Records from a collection
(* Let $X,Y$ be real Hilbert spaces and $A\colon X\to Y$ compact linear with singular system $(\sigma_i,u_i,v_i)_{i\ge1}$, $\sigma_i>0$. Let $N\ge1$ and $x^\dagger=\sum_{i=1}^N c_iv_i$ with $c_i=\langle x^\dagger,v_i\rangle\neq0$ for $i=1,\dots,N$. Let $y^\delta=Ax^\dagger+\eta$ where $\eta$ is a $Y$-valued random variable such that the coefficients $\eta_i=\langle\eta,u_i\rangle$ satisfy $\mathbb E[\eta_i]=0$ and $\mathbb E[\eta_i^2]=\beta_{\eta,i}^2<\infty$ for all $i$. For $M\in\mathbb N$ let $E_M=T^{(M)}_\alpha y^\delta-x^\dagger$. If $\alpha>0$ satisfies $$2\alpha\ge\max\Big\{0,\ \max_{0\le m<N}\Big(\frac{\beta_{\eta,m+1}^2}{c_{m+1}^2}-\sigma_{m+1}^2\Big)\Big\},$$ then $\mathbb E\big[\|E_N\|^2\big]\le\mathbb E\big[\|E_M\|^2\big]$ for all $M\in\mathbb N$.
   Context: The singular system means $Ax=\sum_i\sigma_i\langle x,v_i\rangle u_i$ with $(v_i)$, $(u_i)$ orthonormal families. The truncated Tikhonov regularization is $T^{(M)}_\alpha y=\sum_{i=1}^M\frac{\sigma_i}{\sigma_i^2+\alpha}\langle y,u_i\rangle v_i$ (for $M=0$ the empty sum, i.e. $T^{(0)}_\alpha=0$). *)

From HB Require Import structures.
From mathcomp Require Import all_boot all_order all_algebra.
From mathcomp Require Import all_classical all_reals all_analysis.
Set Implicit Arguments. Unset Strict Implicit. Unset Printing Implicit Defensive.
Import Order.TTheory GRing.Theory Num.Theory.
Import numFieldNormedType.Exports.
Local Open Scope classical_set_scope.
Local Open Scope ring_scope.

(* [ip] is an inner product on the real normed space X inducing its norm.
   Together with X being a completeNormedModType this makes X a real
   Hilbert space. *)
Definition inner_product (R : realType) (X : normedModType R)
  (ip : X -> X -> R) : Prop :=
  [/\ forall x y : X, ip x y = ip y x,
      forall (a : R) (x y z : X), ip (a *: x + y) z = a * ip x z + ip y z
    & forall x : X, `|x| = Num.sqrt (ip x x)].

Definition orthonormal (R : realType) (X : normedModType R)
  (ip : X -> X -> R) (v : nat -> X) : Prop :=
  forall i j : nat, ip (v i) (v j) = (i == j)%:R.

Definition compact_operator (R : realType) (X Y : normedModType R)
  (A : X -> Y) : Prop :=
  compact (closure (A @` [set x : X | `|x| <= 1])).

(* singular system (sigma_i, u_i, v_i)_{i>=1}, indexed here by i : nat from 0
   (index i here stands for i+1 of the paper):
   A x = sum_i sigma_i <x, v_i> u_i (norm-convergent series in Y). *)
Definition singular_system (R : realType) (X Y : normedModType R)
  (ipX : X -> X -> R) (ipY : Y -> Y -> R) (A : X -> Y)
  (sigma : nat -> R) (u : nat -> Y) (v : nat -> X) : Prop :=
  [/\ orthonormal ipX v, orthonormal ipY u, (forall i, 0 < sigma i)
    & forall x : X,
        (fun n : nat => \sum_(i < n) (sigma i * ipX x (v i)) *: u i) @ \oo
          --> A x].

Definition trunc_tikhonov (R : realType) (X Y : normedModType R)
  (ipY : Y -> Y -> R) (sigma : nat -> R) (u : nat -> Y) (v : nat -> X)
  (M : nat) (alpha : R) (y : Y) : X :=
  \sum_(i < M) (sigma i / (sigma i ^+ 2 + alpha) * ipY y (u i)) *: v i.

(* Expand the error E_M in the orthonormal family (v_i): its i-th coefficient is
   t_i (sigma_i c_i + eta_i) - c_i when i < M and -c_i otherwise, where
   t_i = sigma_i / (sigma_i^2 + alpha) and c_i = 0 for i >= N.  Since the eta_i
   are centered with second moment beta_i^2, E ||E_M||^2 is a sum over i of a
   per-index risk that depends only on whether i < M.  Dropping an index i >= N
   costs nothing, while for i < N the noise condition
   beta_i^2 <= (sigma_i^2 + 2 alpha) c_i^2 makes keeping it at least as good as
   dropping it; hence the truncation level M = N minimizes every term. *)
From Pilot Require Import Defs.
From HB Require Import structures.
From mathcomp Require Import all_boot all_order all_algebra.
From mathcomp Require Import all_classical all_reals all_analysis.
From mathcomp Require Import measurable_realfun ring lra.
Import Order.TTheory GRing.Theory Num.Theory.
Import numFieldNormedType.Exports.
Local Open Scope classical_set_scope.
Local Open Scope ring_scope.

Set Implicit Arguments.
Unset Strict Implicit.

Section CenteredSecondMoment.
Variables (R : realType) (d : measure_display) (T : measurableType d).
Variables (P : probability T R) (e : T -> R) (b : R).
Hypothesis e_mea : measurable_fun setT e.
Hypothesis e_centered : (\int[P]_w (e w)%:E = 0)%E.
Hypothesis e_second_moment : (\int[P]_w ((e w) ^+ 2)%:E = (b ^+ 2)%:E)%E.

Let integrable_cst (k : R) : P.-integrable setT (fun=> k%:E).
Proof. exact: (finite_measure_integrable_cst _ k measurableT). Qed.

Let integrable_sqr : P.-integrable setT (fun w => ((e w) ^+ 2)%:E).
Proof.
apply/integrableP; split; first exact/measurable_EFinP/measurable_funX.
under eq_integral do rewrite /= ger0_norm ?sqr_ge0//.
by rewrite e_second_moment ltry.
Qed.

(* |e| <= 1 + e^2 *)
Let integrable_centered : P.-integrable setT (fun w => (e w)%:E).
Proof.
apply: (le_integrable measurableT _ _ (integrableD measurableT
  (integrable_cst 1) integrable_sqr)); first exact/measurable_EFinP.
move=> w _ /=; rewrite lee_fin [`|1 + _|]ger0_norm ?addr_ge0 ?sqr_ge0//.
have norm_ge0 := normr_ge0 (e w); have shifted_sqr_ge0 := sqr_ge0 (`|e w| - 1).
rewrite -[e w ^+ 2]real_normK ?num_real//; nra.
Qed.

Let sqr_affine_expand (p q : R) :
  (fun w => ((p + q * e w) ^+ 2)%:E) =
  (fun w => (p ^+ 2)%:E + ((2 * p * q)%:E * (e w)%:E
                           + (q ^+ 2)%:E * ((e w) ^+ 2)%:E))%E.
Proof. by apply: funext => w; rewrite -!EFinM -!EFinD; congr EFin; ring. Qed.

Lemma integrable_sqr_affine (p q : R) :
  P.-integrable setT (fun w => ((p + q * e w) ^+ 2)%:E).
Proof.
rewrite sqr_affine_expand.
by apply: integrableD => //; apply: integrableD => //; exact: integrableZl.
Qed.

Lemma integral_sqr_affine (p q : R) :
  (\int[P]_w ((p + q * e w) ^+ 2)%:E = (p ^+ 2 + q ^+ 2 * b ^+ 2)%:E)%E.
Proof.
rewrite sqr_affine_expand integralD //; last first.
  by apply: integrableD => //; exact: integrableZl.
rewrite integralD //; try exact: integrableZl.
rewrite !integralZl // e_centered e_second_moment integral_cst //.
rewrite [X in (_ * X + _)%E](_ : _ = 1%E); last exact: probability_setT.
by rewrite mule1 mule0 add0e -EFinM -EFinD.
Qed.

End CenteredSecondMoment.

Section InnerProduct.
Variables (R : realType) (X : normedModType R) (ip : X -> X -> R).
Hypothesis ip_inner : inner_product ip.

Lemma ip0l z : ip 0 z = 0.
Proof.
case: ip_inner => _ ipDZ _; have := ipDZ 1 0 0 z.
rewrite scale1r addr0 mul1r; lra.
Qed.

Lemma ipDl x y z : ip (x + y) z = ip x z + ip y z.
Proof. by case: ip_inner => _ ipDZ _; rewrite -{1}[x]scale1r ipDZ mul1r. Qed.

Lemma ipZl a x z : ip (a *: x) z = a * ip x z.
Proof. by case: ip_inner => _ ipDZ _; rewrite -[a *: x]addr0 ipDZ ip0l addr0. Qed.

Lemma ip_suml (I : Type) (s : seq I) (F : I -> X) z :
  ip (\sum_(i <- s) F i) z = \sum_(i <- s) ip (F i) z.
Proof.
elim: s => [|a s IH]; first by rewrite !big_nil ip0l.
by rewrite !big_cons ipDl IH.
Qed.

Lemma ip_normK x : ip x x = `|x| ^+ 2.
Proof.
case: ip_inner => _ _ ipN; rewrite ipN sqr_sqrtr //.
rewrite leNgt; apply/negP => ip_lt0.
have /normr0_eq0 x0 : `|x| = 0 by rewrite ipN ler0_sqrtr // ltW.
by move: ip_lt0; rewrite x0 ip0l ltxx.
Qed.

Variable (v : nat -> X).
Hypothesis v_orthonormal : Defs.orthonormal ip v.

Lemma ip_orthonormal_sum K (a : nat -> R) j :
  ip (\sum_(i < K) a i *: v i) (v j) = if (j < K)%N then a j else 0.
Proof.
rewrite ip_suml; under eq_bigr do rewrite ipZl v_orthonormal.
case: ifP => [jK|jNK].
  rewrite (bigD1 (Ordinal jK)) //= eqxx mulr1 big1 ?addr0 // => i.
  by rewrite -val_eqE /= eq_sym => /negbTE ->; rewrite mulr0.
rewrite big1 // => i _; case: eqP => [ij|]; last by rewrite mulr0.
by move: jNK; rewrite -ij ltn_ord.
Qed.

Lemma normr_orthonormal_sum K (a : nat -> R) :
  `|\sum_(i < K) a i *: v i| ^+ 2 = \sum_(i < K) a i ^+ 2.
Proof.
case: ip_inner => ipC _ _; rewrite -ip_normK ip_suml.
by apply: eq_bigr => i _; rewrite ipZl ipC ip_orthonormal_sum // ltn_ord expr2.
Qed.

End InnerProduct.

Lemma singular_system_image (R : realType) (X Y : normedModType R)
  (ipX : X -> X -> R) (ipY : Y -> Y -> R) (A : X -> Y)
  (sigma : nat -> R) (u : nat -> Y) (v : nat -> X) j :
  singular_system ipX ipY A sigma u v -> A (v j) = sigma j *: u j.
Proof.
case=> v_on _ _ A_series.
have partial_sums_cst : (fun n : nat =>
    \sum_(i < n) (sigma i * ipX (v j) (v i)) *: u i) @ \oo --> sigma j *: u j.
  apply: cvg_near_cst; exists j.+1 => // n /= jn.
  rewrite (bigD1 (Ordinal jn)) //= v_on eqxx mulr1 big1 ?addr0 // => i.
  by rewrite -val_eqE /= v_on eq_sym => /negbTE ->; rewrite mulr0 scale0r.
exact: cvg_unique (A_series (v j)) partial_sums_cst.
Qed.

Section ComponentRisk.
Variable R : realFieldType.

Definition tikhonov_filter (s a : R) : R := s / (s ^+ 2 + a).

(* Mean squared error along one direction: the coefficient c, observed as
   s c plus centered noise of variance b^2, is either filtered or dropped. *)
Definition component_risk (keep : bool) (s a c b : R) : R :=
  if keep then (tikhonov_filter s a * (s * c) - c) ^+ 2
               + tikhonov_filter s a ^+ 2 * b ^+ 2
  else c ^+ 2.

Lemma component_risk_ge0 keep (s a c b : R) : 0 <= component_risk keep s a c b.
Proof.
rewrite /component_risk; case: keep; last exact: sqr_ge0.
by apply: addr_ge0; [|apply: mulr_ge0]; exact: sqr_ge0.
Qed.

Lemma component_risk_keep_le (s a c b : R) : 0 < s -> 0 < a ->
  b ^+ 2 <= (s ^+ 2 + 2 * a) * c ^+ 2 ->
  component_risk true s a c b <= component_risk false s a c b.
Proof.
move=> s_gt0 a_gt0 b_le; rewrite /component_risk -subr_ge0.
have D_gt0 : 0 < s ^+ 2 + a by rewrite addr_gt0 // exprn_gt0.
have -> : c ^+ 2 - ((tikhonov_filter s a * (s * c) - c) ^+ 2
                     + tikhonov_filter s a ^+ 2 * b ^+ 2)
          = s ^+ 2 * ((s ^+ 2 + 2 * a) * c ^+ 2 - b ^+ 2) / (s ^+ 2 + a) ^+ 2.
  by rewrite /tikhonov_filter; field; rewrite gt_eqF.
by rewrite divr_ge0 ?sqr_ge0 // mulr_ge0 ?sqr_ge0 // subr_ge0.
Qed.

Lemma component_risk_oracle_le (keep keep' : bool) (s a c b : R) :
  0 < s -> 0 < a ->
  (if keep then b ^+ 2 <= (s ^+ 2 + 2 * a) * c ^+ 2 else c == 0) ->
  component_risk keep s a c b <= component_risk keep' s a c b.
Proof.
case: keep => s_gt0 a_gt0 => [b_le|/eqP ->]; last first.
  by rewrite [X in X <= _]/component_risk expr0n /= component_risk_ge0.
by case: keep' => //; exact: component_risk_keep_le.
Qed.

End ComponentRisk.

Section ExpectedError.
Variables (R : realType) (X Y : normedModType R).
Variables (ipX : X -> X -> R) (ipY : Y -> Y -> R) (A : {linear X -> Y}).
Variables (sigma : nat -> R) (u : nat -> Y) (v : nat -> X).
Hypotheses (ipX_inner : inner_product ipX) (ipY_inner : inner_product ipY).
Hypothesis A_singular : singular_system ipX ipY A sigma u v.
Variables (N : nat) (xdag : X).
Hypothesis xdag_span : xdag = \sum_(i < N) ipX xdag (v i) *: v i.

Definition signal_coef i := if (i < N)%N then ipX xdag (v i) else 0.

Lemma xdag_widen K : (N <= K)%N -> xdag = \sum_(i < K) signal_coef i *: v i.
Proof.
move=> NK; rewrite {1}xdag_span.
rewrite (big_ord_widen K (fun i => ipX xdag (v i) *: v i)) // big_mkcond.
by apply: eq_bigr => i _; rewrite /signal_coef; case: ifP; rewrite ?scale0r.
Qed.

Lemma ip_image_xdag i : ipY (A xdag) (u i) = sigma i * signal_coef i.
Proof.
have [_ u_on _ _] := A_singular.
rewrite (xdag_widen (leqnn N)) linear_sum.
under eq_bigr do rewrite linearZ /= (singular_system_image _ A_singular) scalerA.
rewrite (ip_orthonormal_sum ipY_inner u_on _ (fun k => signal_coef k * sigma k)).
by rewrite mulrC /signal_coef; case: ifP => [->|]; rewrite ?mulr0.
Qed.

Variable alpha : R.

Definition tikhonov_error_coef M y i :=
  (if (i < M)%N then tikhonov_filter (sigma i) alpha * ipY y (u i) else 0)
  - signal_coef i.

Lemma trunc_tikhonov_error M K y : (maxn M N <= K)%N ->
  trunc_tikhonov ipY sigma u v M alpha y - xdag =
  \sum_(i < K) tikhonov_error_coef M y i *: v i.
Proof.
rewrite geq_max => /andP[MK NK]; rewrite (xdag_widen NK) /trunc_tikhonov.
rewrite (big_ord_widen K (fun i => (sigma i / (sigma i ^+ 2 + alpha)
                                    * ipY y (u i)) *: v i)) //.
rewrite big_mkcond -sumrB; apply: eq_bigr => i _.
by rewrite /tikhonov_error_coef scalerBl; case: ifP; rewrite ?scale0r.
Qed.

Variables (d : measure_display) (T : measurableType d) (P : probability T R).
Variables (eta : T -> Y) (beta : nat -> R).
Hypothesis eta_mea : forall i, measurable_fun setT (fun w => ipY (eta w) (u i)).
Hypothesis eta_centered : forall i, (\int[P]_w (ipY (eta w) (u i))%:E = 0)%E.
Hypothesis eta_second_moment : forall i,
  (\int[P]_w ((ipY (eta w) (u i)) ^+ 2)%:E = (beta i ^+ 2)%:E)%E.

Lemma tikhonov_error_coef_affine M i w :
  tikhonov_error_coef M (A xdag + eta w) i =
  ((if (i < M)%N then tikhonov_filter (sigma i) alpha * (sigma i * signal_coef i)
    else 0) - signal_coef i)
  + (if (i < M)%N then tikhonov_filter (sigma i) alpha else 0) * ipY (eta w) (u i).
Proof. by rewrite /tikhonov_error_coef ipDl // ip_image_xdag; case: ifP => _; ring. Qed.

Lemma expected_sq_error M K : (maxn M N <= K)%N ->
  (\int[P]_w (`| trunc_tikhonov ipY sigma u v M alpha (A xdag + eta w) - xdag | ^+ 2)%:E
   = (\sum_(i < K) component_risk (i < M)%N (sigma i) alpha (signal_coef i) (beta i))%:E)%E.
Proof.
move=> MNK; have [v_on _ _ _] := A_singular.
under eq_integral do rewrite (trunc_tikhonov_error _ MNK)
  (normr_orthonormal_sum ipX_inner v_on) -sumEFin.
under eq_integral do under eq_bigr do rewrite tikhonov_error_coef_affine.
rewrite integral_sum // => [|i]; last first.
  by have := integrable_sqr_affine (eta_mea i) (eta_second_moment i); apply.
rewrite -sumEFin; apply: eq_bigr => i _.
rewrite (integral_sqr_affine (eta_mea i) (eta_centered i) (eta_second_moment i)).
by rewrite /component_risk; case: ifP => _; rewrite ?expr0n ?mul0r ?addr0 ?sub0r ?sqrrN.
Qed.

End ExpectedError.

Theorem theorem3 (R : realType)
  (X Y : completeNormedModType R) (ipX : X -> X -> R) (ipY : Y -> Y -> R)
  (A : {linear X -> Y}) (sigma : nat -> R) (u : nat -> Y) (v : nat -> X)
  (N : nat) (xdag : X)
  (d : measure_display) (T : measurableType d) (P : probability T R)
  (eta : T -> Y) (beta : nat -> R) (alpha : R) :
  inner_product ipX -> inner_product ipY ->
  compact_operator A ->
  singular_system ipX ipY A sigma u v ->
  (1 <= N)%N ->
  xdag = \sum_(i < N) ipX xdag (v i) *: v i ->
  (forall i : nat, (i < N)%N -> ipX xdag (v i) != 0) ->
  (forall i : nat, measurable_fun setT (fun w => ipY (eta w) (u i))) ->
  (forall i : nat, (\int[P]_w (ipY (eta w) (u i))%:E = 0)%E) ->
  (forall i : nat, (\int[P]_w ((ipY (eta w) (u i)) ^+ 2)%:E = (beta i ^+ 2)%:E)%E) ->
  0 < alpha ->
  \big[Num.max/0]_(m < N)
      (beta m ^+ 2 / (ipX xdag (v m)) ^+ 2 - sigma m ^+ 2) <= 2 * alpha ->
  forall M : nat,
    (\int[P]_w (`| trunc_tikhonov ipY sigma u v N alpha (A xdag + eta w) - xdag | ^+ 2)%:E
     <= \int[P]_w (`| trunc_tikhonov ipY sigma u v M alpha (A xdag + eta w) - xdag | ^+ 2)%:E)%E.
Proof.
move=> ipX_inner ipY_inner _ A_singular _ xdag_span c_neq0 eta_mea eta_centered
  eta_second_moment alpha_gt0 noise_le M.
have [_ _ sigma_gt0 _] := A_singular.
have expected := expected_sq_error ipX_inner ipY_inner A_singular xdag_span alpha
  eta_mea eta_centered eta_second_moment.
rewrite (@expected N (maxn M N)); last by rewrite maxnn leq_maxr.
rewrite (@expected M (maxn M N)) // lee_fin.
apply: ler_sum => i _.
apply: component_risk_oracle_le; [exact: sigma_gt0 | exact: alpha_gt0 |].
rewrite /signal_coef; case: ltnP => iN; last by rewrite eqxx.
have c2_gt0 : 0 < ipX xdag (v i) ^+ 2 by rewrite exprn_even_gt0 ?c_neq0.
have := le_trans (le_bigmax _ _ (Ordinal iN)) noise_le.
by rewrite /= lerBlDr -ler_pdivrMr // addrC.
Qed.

■ **PROBLEM DETAILS**: Looking at the data above, write out exactly the lines that start at the one containing "End ExpectedError." and end at the one containing "apply: component_risk_oracle_le; [exact: sigma_gt0"; include both and nothing beyond.

■ **YOUR SOLUTION**:
End ExpectedError.

Theorem theorem3 (R : realType)
  (X Y : completeNormedModType R) (ipX : X -> X -> R) (ipY : Y -> Y -> R)
  (A : {linear X -> Y}) (sigma : nat -> R) (u : nat -> Y) (v : nat -> X)
  (N : nat) (xdag : X)
  (d : measure_display) (T : measurableType d) (P : probability T R)
  (eta : T -> Y) (beta : nat -> R) (alpha : R) :
  inner_product ipX -> inner_product ipY ->
  compact_operator A ->
  singular_system ipX ipY A sigma u v ->
  (1 <= N)%N ->
  xdag = \sum_(i < N) ipX xdag (v i) *: v i ->
  (forall i : nat, (i < N)%N -> ipX xdag (v i) != 0) ->
  (forall i : nat, measurable_fun setT (fun w => ipY (eta w) (u i))) ->
  (forall i : nat, (\int[P]_w (ipY (eta w) (u i))%:E = 0)%E) ->
  (forall i : nat, (\int[P]_w ((ipY (eta w) (u i)) ^+ 2)%:E = (beta i ^+ 2)%:E)%E) ->
  0 < alpha ->
  \big[Num.max/0]_(m < N)
      (beta m ^+ 2 / (ipX xdag (v m)) ^+ 2 - sigma m ^+ 2) <= 2 * alpha ->
  forall M : nat,
    (\int[P]_w (`| trunc_tikhonov ipY sigma u v N alpha (A xdag + eta w) - xdag | ^+ 2)%:E
     <= \int[P]_w (`| trunc_tikhonov ipY sigma u v M alpha (A xdag + eta w) - xdag | ^+ 2)%:E)%E.
Proof.
move=> ipX_inner ipY_inner _ A_singular _ xdag_span c_neq0 eta_mea eta_centered
  eta_second_moment alpha_gt0 noise_le M.
have [_ _ sigma_gt0 _] := A_singular.
have expected := expected_sq_error ipX_inner ipY_inner A_singular xdag_span alpha
  eta_mea eta_centered eta_second_moment.
rewrite (@expected N (maxn M N)); last by rewrite maxnn leq_maxr.
rewrite (@expected M (maxn M N)) // lee_fin.
apply: ler_sum => i _.
apply: component_risk_oracle_le; [exact: sigma_gt0 | exact: alpha_gt0 |].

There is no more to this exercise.